> [Task instructions]
Find the line with "Definition ndlt_adm (I" in the records below. Copy it and every line after it, up to and including the line with "Implicit Types (x : R) (Q : R -> Prop).".

Extracted records
# # #
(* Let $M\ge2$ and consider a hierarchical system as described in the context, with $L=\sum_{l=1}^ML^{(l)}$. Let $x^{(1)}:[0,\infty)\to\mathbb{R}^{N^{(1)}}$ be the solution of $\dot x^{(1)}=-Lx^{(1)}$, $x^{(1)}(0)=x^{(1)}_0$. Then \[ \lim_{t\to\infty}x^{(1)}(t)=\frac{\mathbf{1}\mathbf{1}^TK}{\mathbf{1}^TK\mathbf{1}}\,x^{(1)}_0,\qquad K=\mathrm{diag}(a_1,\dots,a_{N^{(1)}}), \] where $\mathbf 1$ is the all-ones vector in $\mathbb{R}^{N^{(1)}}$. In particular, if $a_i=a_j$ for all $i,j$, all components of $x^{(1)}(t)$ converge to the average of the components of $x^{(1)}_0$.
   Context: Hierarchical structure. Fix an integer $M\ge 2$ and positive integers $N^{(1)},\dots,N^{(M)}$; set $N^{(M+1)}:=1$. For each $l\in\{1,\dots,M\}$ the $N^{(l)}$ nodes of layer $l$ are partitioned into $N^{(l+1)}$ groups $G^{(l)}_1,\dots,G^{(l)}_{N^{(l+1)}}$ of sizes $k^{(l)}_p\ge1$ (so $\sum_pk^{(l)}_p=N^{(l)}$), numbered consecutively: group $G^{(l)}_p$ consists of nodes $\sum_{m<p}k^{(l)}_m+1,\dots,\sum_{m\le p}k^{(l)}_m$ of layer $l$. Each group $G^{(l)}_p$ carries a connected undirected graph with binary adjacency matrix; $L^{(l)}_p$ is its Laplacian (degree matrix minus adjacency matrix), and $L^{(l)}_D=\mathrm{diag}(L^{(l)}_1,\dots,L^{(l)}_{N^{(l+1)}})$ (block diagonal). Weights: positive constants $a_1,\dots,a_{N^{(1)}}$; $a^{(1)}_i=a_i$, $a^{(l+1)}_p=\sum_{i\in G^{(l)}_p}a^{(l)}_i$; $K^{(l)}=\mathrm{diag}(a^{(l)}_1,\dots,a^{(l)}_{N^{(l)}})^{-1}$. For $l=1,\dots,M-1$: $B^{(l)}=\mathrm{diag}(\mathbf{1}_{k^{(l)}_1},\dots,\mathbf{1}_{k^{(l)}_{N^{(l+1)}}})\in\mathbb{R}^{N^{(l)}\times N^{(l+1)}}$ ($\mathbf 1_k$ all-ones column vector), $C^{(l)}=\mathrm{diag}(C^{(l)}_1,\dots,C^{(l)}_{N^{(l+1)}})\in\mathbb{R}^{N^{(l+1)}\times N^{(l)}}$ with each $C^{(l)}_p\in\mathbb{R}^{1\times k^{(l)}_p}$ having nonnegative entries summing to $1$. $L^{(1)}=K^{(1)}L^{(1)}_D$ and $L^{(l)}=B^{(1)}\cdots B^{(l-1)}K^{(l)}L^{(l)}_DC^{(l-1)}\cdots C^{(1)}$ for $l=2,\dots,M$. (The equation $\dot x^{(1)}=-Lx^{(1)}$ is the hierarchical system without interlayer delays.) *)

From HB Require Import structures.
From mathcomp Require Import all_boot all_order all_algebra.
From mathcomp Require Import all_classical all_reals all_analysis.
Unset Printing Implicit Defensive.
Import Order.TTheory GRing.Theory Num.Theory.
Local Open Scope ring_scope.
# # #
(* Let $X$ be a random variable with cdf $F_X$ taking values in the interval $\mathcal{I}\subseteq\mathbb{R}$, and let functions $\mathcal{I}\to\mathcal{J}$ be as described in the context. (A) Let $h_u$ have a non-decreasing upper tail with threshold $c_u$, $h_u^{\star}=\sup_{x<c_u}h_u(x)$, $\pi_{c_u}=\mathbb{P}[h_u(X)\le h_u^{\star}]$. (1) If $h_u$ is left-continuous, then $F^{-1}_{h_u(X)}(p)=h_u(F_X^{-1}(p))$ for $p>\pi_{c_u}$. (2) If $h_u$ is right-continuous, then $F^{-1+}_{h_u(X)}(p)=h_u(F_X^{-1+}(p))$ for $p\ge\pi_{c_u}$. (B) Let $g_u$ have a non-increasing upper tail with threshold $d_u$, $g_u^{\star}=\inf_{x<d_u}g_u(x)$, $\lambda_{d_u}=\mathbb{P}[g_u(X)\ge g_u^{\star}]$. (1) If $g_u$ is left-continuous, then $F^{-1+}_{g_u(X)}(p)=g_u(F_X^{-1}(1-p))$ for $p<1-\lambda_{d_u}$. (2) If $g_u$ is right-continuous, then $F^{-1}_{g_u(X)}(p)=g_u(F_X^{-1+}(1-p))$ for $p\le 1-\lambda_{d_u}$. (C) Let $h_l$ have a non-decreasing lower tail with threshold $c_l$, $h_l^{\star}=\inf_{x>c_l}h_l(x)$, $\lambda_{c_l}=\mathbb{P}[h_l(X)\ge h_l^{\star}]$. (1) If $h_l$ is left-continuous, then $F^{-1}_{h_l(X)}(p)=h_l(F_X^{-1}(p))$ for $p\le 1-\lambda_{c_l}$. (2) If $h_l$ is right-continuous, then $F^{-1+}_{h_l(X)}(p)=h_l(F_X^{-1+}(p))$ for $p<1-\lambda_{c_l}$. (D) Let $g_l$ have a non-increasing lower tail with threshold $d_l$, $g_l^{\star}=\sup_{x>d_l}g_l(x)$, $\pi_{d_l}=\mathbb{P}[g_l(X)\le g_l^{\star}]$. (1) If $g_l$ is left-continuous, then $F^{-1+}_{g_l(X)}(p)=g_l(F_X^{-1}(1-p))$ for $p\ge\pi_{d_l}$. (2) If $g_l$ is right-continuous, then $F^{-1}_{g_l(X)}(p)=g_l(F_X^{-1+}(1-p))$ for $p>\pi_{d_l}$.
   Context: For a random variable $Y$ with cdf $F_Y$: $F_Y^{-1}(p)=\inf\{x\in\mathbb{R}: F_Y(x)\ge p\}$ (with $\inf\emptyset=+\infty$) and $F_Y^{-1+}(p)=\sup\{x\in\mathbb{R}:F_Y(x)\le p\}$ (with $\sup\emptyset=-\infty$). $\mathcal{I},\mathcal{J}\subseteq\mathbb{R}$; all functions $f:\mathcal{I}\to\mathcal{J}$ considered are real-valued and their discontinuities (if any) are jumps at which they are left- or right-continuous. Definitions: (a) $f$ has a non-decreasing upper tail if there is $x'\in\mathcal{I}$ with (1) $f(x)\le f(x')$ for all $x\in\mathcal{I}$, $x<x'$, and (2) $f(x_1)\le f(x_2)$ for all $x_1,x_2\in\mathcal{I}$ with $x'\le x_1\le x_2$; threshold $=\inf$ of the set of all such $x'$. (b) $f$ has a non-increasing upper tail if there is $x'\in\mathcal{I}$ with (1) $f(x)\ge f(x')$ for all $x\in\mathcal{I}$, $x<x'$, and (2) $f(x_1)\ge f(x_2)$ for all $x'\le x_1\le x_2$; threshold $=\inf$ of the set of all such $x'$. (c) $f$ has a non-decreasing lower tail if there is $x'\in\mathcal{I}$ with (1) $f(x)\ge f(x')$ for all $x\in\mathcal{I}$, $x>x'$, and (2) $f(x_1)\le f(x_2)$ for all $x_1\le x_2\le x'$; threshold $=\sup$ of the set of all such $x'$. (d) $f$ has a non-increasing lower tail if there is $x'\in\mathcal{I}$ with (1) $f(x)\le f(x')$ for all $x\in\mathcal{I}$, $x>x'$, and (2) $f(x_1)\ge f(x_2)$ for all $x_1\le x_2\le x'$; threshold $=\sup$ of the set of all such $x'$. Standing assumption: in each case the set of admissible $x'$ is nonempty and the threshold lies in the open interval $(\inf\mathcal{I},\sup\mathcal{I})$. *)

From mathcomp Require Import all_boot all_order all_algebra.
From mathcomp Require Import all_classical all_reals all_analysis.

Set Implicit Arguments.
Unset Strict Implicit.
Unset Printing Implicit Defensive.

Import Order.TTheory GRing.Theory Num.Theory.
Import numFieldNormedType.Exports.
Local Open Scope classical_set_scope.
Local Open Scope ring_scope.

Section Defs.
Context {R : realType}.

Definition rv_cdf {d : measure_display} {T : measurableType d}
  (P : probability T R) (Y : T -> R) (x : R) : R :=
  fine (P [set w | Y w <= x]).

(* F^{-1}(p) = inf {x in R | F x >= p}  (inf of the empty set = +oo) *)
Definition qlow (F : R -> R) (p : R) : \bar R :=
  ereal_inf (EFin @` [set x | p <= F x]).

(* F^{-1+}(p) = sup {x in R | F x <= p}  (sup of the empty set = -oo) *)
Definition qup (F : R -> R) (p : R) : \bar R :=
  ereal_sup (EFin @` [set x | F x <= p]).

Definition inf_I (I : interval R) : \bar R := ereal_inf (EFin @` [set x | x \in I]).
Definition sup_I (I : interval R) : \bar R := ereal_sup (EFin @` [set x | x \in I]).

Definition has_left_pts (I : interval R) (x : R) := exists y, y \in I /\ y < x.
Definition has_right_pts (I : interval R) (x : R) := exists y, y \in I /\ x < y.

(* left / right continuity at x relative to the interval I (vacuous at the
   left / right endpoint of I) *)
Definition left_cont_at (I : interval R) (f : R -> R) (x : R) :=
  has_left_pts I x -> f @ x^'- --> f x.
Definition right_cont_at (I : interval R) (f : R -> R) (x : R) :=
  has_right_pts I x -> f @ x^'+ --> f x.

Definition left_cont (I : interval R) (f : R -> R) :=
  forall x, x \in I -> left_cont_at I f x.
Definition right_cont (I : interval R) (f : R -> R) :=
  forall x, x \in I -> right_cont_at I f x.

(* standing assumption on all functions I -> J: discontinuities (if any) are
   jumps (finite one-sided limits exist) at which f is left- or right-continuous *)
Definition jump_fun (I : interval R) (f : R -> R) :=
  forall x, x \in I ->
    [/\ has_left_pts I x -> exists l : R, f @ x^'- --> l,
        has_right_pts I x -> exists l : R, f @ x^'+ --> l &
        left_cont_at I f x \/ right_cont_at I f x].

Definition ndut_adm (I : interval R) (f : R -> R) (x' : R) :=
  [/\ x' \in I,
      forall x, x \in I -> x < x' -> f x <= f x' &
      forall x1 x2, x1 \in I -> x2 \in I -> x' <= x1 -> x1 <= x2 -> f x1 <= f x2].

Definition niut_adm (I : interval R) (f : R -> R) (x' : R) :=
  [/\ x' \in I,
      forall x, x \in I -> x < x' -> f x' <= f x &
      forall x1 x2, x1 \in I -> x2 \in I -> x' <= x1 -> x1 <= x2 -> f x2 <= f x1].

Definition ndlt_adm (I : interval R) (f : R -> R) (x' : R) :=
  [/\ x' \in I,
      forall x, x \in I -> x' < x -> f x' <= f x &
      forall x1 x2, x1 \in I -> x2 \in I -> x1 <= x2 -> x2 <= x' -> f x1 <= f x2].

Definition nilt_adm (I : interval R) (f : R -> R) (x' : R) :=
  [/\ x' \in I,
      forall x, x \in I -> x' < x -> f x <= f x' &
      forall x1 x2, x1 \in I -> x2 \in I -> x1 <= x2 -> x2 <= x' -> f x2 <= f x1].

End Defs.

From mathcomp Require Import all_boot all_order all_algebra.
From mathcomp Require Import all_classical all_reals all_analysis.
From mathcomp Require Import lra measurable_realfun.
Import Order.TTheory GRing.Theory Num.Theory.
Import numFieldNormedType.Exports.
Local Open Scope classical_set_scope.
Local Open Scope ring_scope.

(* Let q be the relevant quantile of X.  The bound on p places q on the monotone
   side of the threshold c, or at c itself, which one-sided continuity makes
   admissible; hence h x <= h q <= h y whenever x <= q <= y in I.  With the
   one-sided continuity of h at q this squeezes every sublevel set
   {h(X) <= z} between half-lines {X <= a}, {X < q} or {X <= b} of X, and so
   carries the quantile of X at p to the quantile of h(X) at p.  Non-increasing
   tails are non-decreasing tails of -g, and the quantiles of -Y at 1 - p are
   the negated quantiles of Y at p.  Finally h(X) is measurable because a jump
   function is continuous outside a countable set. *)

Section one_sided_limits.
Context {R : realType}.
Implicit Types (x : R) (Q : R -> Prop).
# # #
> [Solution for this exercise]
Definition ndlt_adm (I : interval R) (f : R -> R) (x' : R) :=
  [/\ x' \in I,
      forall x, x \in I -> x' < x -> f x' <= f x &
      forall x1 x2, x1 \in I -> x2 \in I -> x1 <= x2 -> x2 <= x' -> f x1 <= f x2].

Definition nilt_adm (I : interval R) (f : R -> R) (x' : R) :=
  [/\ x' \in I,
      forall x, x \in I -> x' < x -> f x <= f x' &
      forall x1 x2, x1 \in I -> x2 \in I -> x1 <= x2 -> x2 <= x' -> f x2 <= f x1].

End Defs.

From mathcomp Require Import all_boot all_order all_algebra.
From mathcomp Require Import all_classical all_reals all_analysis.
From mathcomp Require Import lra measurable_realfun.
Import Order.TTheory GRing.Theory Num.Theory.
Import numFieldNormedType.Exports.
Local Open Scope classical_set_scope.
Local Open Scope ring_scope.

(* Let q be the relevant quantile of X.  The bound on p places q on the monotone
   side of the threshold c, or at c itself, which one-sided continuity makes
   admissible; hence h x <= h q <= h y whenever x <= q <= y in I.  With the
   one-sided continuity of h at q this squeezes every sublevel set
   {h(X) <= z} between half-lines {X <= a}, {X < q} or {X <= b} of X, and so
   carries the quantile of X at p to the quantile of h(X) at p.  Non-increasing
   tails are non-decreasing tails of -g, and the quantiles of -Y at 1 - p are
   the negated quantiles of Y at p.  Finally h(X) is measurable because a jump
   function is continuous outside a countable set. *)

Section one_sided_limits.
Context {R : realType}.
Implicit Types (x : R) (Q : R -> Prop).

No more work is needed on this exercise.